Yukarıda yapılan açılamalar ışığında taraflar arasındaki kefalet sözleşmelerinin 4. maddesi gereğince taraflar arasındaki dava konusu anlaşmazlığın İstanbul Tahkim Merkezinde çözümlenmesi gerektiği ve davalının süresi içerisinde tahkim ilk itirazında bulunduğu anlaşıldığından 6100 sayılı HMK.nın 116/1-b ve 413/1. maddeleri gereğince davacının davasının usulden reddine karar vermek gerekmiş ve davanın esası hakkında değerlendirime yapılmadığından tarafların tazminat talepleri bakımından da yasal koşulların oluşmadığı sonucuna varılmış; tüm bu nedenlerle aşağıdaki şekilde hüküm kurulmuştur.

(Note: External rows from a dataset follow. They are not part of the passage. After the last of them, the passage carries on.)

(* Let $p$ be an odd prime, $h\ge 1$, $f(x,z)\in\mathbb{F}_{p^h}[x,z]$, and let $\mathcal{S}\subset\mathbb{A}^3$ be the affine surface $y^p-y=f(x,z)$. For each $\gamma\in\mathbb{F}_{p^h}$ with $f(x,\gamma)$ non-constant, let $\mathcal{Z}_\gamma=V(y^p-y-f(x,z),\,z-\gamma)$, viewed as a plane curve $y^p-y=f(x,\gamma)$ in the plane $z=\gamma$. Let $\eta$ be a positive integer and $$\Gamma=\{\gamma\in\mathbb{F}_{p^h}: f(x,\gamma)\text{ non-constant and } \#\pi_x(\mathcal{Z}_\gamma(\mathbb{F}_{p^h}))\ge\eta\}.$$ Assume there are non-negative integers $\nu,\rho_1,\rho_2,\rho_3$ such that (1) $\deg(\mathcal{Z}_\gamma)\le\nu$ for all $\gamma\in\Gamma$; (2) $2\le\rho_1\le\eta$, $2\le\rho_2\le p$, and $0\le\rho_3\le p^2-1$; (3) there are at least $\rho_3+1$ values $\gamma\in\Gamma$ with $\#\mathcal{Z}_\gamma(\mathbb{F}_{p^h})\ge\nu(\eta-\rho_1+p-\rho_2)+1$. Let $T=\{(x,y,z)\in\mathcal{S}(\mathbb{F}_{p^h}): z\in\Gamma\}$ and $$V=\langle x^iy^jz^k: 0\le i\le\eta-\rho_1,\ 0\le j\le p-\rho_2,\ 0\le k\le\rho_3\rangle\subset\mathbb{F}_{p^h}[x,y,z],$$ and let $C=C(V,T)$. Then $C$ has hierarchical locality in the following sense: for every position $i$, corresponding to a point $P_i=(a,b,c)\in T$, (a) the lower code $C_{2,i}$ (the puncturing of $C$ to the $p$ positions of the fiber $\{(a,b+\delta,c):\delta\in\mathbb{F}_p\}\subset T$ of $\pi_{x,z}$ through $P_i$) has dimension at most $s_2=p-\rho_2+1$ and minimum distance at least $d_2=\rho_2$; (b) the middle code $C_{1,i}$ (the puncturing of $C$ to the positions of the points of $T$ with $z$-coordinate $c$, i.e. the points of $\mathcal{Z}_c(\mathbb{F}_{p^h})$) has dimension at most $s_1=(\eta-\rho_1+1)(p-\rho_2+1)$ and minimum distance at least $d_1=\rho_1\rho_2$, and contains the support of $C_{2,i}$. Furthermore the evaluation map on $V$ is injective, so $\dim C=(\eta-\rho_1+1)(p-\rho_2+1)(\rho_3+1)$.
   Context: A linear code of length $n$ over $\mathbb{F}_q$ is a subspace of $\mathbb{F}_q^n$; its minimum distance is the minimum Hamming distance between distinct codewords. For $I=\{i_1,\dots,i_s\}\subset\{1,\dots,n\}$, the punctured code $C|_I=\{(c_{i_1},\dots,c_{i_s}):(c_1,\dots,c_n)\in C\}$. For an ordered finite set $T=\{P_1,\dots,P_n\}$ of points and a vector space $V$ of polynomial functions, the evaluation code is $C(V,T)=\{(g(P_1),\dots,g(P_n)):g\in V\}$ (the ordering of $T$ is arbitrary). $\pi_x(a,b,c)=a$, $\pi_z(a,b,c)=c$, $\pi_{x,z}(a,b,c)=(a,c)$ are the coordinate projections on $\mathbb{A}^3$. $\deg(\mathcal{Z}_\gamma)$ denotes the degree of the plane curve $y^p-y=f(x,\gamma)$. *)

From HB Require Import structures.
From mathcomp Require Import all_boot all_order all_algebra all_field.
Set Implicit Arguments. Unset Strict Implicit. Unset Printing Implicit Defensive.
Import GRing.Theory.
Local Open Scope ring_scope.

(* Bivariate polynomials f(x,z) are represented as f : {poly {poly F}},
   f = \sum_k c_k(x) z^k : the outer variable is z, the inner one is x. *)

Definition fsec (F : fieldType) (f : {poly {poly F}}) (g : F) : {poly F} :=
  f.[g%:P].

Definition nonconst (F : fieldType) (q : {poly F}) : bool := (1 < size q)%N.

(* defining polynomial y^p - y - g(x) of the plane curve, as a polynomial
   in y with coefficients in F[x] *)
Definition curve_poly (F : fieldType) (p : nat) (g : {poly F}) : {poly {poly F}} :=
  'X^p - 'X - g%:P.

Definition totdeg (F : fieldType) (q : {poly {poly F}}) : nat :=
  \max_(i < size q) addn i (size (nth 0%R q i)).-1.

Definition degZ (F : fieldType) (p : nat) (f : {poly {poly F}}) (g : F) : nat :=
  totdeg (curve_poly p (fsec f g)).

Definition Zpts (F : finFieldType) (p : nat) (f : {poly {poly F}}) (g : F)
  : {set F * F} :=
  [set ab | ab.2 ^+ p - ab.2 == (fsec f g).[ab.1]].

Definition Gamma (F : finFieldType) (p : nat) (f : {poly {poly F}}) (eta : nat)
  : {set F} :=
  [set g | nonconst (fsec f g) && (eta <= #|[set ab.1 | ab in Zpts p f g]|)%N].

(* T = {(x,y,z) in S(F) : z in Gamma} ; a point is ((x,y),z) *)
Definition Tset (F : finFieldType) (p : nat) (f : {poly {poly F}}) (eta : nat)
  : {set F * F * F} :=
  [set P | (P.1.2 ^+ p - P.1.2 == (fsec f P.2).[P.1.1]) && (P.2 \in Gamma p f eta)].

(* Positions of the code: 'I_#|T|, position t corresponds to point enum_val t. *)

Definition mono_ev (F : finFieldType) (T : {set F * F * F}) (i j k : nat)
  : 'rV[F]_#|T| :=
  \row_t (let P := enum_val t in P.1.1 ^+ i * P.1.2 ^+ j * P.2 ^+ k).

Definition expbox (a b c : nat) : seq (nat * nat * nat) :=
  [seq (ij, k) | ij <- [seq (i, j) | i <- iota 0 a.+1, j <- iota 0 b.+1],
                  k <- iota 0 c.+1].

Definition code (F : finFieldType) (T : {set F * F * F}) (a b c : nat)
  : {vspace 'rV[F]_#|T|} :=
  <<[seq mono_ev T e.1.1 e.1.2 e.2 | e <- expbox a b c]>>%VS.

Definition evalV (F : finFieldType) (a b c : nat)
  (cf : {ffun 'I_a.+1 * 'I_b.+1 * 'I_c.+1 -> F}) (P : F * F * F) : F :=
  \sum_(e : 'I_a.+1 * 'I_b.+1 * 'I_c.+1)
     cf e * P.1.1 ^+ e.1.1 * P.1.2 ^+ e.1.2 * P.2 ^+ e.2.

Definition punct (F : fieldType) (n : nat) (I : {set 'I_n}) (v : 'rV[F]_n)
  : 'rV[F]_#|I| :=
  \row_j v 0 (enum_val j).

Definition pcode (F : fieldType) (n : nat) (C : {vspace 'rV[F]_n}) (I : {set 'I_n})
  : {vspace 'rV[F]_#|I|} :=
  (linfun (punct I) @: C)%VS.

Definition hdist (F : fieldType) (n : nat) (u v : 'rV[F]_n) : nat :=
  #|[set t | u 0 t != v 0 t]|.

Definition min_dist_ge (F : fieldType) (n : nat) (C : {vspace 'rV[F]_n}) (d : nat)
  : Prop :=
  forall u v, u \in C -> v \in C -> u != v -> (d <= hdist u v)%N.

Definition fiberpos (F : finFieldType) (p : nat) (T : {set F * F * F})
  (t0 : 'I_#|T|) : {set 'I_#|T|} :=
  let P := enum_val t0 in
  [set t | enum_val t \in [set (P.1.1, P.1.2 + (val k)%:R, P.2) | k : 'I_p]].

Definition planepos (F : finFieldType) (T : {set F * F * F}) (t0 : 'I_#|T|)
  : {set 'I_#|T|} :=
  [set t | (enum_val t).2 == (enum_val t0).2].

From HB Require Import structures.
From mathcomp Require Import all_boot all_order all_algebra all_field.
Set Implicit Arguments. Unset Strict Implicit. Unset Printing Implicit Defensive.
Import GRing.Theory.
Local Open Scope ring_scope.

(* A function g = sum c_ijk x^i y^j z^k of V is a polynomial of degree at most
   p - rho2 in y whose coefficients are polynomials of degree at most
   eta - rho1 in x, themselves polynomials of degree at most rho3 in z; on a
   fiber of pi_{x,z} (resp. a plane z = c) only the powers of y (resp. of x
   and y) vary, which bounds the dimensions.  Since y^p - y is invariant
   under y |-> y + k for k in F_p, every fiber of pi_{x,z} in T has p distinct
   y-coordinates, so a nonzero g vanishes at most at p - rho2 of them.  In a
   plane z = c with c in Gamma some y-coefficient of g is a nonzero polynomial
   in x, hence nonzero at rho1 of the at least eta abscissae of Z_c, and each
   of these carries a fiber with rho2 nonzeros.  If g vanishes on T, its
   x-coefficients vanish on the rho3 + 1 planes of hypothesis (3), so every
   z-coefficient has too many roots. *)

Section SumOfMonomials.
Variables (R : comNzRingType) (I : finType) (P : pred I) (c : I -> R) (d : I -> nat).

Lemma coef_sum_monomials m :
  (\sum_(e | P e) c e *: 'X^(d e))`_m = \sum_(e | P e && (d e == m)) c e.
Proof.
rewrite coef_sum big_mkcondr /=; apply: eq_bigr => e _.
by rewrite coefZ coefXn eq_sym; case: (d e == m); rewrite ?mulr1 ?mulr0.
Qed.

Lemma horner_sum_monomials x :
  (\sum_(e | P e) c e *: 'X^(d e)).[x] = \sum_(e | P e) c e * x ^+ d e.
Proof. by rewrite horner_sum; apply: eq_bigr => e _; rewrite hornerZ hornerXn. Qed.

Lemma size_sum_monomials n : (forall e, P e -> d e <= n)%N ->
  (size (\sum_(e | P e) c e *: 'X^(d e))%R <= n.+1)%N.
Proof.
move=> le_d; apply: leq_trans (size_sum _ _ _) _; apply/bigmax_leqP => e Pe.
by apply: leq_trans (size_scale_leq _ _) _; rewrite size_polyXn ltnS le_d.
Qed.

End SumOfMonomials.

Section RootsCount.
Variable R : finIdomainType.

Lemma card_roots_geq_poly_eq0 (q : {poly R}) n (A : {pred R}) :
  (size q <= n.+1)%N -> (n < #|A|)%N -> {in A, forall x, root q x} -> q = 0.
Proof.
move=> sz_q n_lt_A rootA; apply: (@roots_geq_poly_eq0 _ _ (enum A)).
- by apply/allP => x; rewrite mem_enum; apply: rootA.
- exact: enum_uniq.
- by rewrite -cardE (leq_trans sz_q).
Qed.

Lemma card_roots_leq (q : {poly R}) n :
  q != 0 -> (size q <= n.+1)%N -> (#|[pred x | root q x]| <= n)%N.
Proof.
move=> q_neq0 sz_q; rewrite leqNgt; apply: contra q_neq0 => n_lt.
by apply/eqP; apply: (card_roots_geq_poly_eq0 sz_q n_lt).
Qed.

End RootsCount.

Section PrimeCharacteristic.
Variables (R : nzRingType) (p : nat).
Hypothesis pcharRp : p \in [pchar R].

Lemma natr_ord_inj : injective (fun k : 'I_p => k%:R : R).
Proof.
suff le_inj (k1 k2 : 'I_p) : (k1 <= k2)%N -> k1%:R = k2%:R :> R -> k1 = k2.
  move=> k1 k2; case: (leqP k1 k2) => [/le_inj//|/ltnW/le_inj inj21 /esym].
  by move/inj21.
move=> le12 /eqP; rewrite eq_sym -subr_eq0 -natrB // -(dvdn_pcharf pcharRp).
have lt_p : (k2 - k1 < p)%N by apply: leq_ltn_trans (leq_subr _ _) (ltn_ord _).
have [/eqP|pos_k /(dvdn_leq pos_k)] := posnP (k2 - k1); last by rewrite leqNgt lt_p.
by rewrite subn_eq0 => le21 _; apply: val_inj; apply/eqP; rewrite eqn_leq le12.
Qed.

Lemma artin_schreier_natr_shift (y : R) k :
  (y + k%:R) ^+ p - (y + k%:R) = y ^+ p - y.
Proof.
have := pFrobenius_autD_comm pcharRp (commr_nat y k).
rewrite (pFrobenius_aut_nat pcharRp) !pFrobenius_autE => ->.
by rewrite opprD addrACA subrr addr0.
Qed.

End PrimeCharacteristic.

Lemma card_shift_nonroots (R : finIdomainType) (p n : nat) (q : {poly R}) y :
  p \in [pchar R] -> q != 0 -> (size q <= n.+1)%N ->
  (p - n <= #|[set k : 'I_p | q.[y + k%:R] != 0%R]|)%N.
Proof.
move=> pcharRp q_neq0 sz_q.
set Z := [set k : 'I_p | q.[y + k%:R] == 0].
have card_Z : (#|Z| <= n)%N.
  rewrite -(card_imset _ (f := fun k : 'I_p => y + k%:R)); last first.
    by move=> k1 k2 /addrI /(natr_ord_inj pcharRp).
  apply: leq_trans (card_roots_leq q_neq0 sz_q); apply: subset_leq_card.
  apply/subsetP => x /imsetP[k]; rewrite !inE => /eqP qk ->.
  by rewrite /root qk.
have -> : [set k : 'I_p | q.[y + k%:R] != 0] = ~: Z by apply/setP => k; rewrite !inE.
by rewrite cardsCs setCK card_ord leq_sub2l.
Qed.

Lemma card_punct_positions (X : finType) (A : {set X}) (I : {set 'I_#|A|})
    (Q : pred X) :
  #|[set s : 'I_#|I| | Q (enum_val (enum_val s))]| = #|[set P in enum_val @: I | Q P]|.
Proof.
rewrite -(card_imset _ (f := fun s : 'I_#|I| => enum_val (enum_val s))); last first.
  by move=> s1 s2 /enum_val_inj /enum_val_inj.
apply: eq_card => P; rewrite !inE; apply/imsetP/andP => [[s]|[/imsetP[t tI ->] QP]].
  by rewrite inE => Qs ->; split=> //; apply: imset_f; apply: enum_valP.
have [s est] : exists s : 'I_#|I|, enum_val s = t.
  by exists (enum_rank_in tI t); rewrite enum_rankK_in.
by exists s; rewrite ?inE est.
Qed.

Section CoefficientPolynomials.
Variables (F : finFieldType) (a b c : nat).
Local Notation E := ('I_a.+1 * 'I_b.+1 * 'I_c.+1)%type.
Variable cf : {ffun E -> F}.

Definition poly_in_y (x z : F) : {poly F} :=
  \sum_(e : E) (cf e * x ^+ e.1.1 * z ^+ e.2) *: 'X^(e.1.2).
Definition poly_in_x (z : F) (j : nat) : {poly F} :=
  \sum_(e : E | e.1.2 == j :> nat) (cf e * z ^+ e.2) *: 'X^(e.1.1).
Definition poly_in_z (i j : nat) : {poly F} :=
  \sum_(e : E | (e.1.2 == j :> nat) && (e.1.1 == i :> nat)) cf e *: 'X^(e.2).

Lemma evalV_poly_in_y P : evalV cf P = (poly_in_y P.1.1 P.2).[P.1.2].
Proof.
by rewrite horner_sum_monomials; apply: eq_bigr => e _; rewrite mulrAC.
Qed.

Lemma size_poly_in_y x z : (size (poly_in_y x z) <= b.+1)%N.
Proof. by apply: size_sum_monomials => e _; rewrite -ltnS. Qed.

Lemma coef_poly_in_y x z j : (poly_in_y x z)`_j = (poly_in_x z j).[x].
Proof.
rewrite coef_sum_monomials horner_sum_monomials.
by apply: eq_bigr => e _; rewrite mulrAC.
Qed.

Lemma size_poly_in_x z j : (size (poly_in_x z j) <= a.+1)%N.
Proof. by apply: size_sum_monomials => e _; rewrite -ltnS. Qed.

Lemma coef_poly_in_x z j i : (poly_in_x z j)`_i = (poly_in_z i j).[z].
Proof. by rewrite coef_sum_monomials horner_sum_monomials. Qed.

Lemma size_poly_in_z i j : (size (poly_in_z i j) <= c.+1)%N.
Proof. by apply: size_sum_monomials => e _; rewrite -ltnS. Qed.

Lemma coef_poly_in_z (e : E) : (poly_in_z e.1.1 e.1.2)`_e.2 = cf e.
Proof.
rewrite coef_sum_monomials (big_pred1 e) // => e'.
case: e e' => [[i j] k] [[i' j'] k'] /=; rewrite /pred1 /= !xpair_eqE -!val_eqE /=.
by rewrite [(j' == j) && _]andbC.
Qed.

Lemma evalV_poly_in_x P :
  evalV cf P = \sum_(j < b.+1) (poly_in_x P.2 j).[P.1.1] * P.1.2 ^+ j.
Proof.
rewrite evalV_poly_in_y (horner_coef_wide _ (size_poly_in_y _ _)).
by apply: eq_bigr => j _; rewrite coef_poly_in_y.
Qed.

End CoefficientPolynomials.

Definition yfiber (F : finFieldType) (p : nat) (P : F * F * F) : {set F * F * F} :=
  [set ((P.1.1, P.1.2 + (val k)%:R), P.2) | k : 'I_p].

Section Surface.
Variables (F : finFieldType) (p : nat) (f : {poly {poly F}}) (eta : nat).
Hypothesis pcharFp : p \in [pchar F].
Local Notation T := (Tset p f eta).

Lemma yfiber_subset P : P \in T -> yfiber p P \subset T.
Proof.
move=> PT; apply/subsetP => Q /imsetP[k _ ->]; move: PT.
by rewrite !inE /= (artin_schreier_natr_shift pcharFp).
Qed.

H Ü K Ü M / Yukarıda açıklanan nedenlerle;
1-HMK’ nun 116/1-b. maddesi gereğince davalının ilk itirazının kabulü ile; uyuşmazlığın tahkim yolu ile çözümlenmesi gerektiği anlaşıldığından, davanın, HMK’ nun 413/1. maddesi uyarınca USULDEN REDDİNE,
2-Koşulları oluşmadığından tarafların tazminat taleplerinin REDDİNE,
3-Alınması gereken 80,70 TL karar ve ilam harcının peşin olarak alınan 1.416,13 TL harçtan mahsubu ile HAZİNEYE İRAT KAYDINA, fazladan yatırılan 1.335,43 TL harcın karar kesinleştiğinde ve talep halinde davacıya İADESİNE,
4-6325 sayılı Hukuk Uyuşmazlıklarında Arabuluculuk Kanunu 18/A-13. maddesi uyarınca ve Arabuluculuk Kanunu Yönetmeliği Tarife hükümleri uyarınca Adalet Bakanlığı bütçesinden ödenen 1.320,00-TL arabuluculuk giderinin davacıdan alınarak HAZİNEYE İRAT KAYDINA,
5-Davacı tarafından yapılan yargılama giderinin davacı üzerinde BIRAKILMASINA,
6-Davalı tarafından yapılan yargılama gideri olmadığından bu hususta hüküm tesisine YER OLMADIĞINA,
7-Davalı kendisini vekille temsil ettirdiğinden, karar tarihi Avukatlık Asgari Ücret Tarifesi gereğince belirlenen 9.200,00-TL ücreti vekaletin davacıdan alınarak davalıya VERİLMESİNE,
8-Taraflarca yatırılan gider ve delil avansından sarfedilmeyen kısmın karar kesinleştiğinde ilgilisine İADESİNE,
9-Yazı İşleri Hizmetlerinin Yürütülmesine Dair Yönetmeliğin 67/1. maddesi gereğince taraflardan birinin talebi üzerine kararın tebliğe ÇIKARTILMASINA,
Dair; davacı vekilinin yüzüne karşı, davalının yokluğunda, HMK’nun 341/1 ve 345. maddeleri uyarınca gerekçeli kararın tebliğ tarihinden itibaren iki haftalık yasal süre içerisinde İstanbul Bölge Adliye Mahkemesi nezdinde İSTİNAF kanun yolu açık olmak üzere verilen karar, açıkça okunup usulen anlatıldı.28/09/2022

Katip
e-imzalıdır .

Hakim
e-imzalıdır .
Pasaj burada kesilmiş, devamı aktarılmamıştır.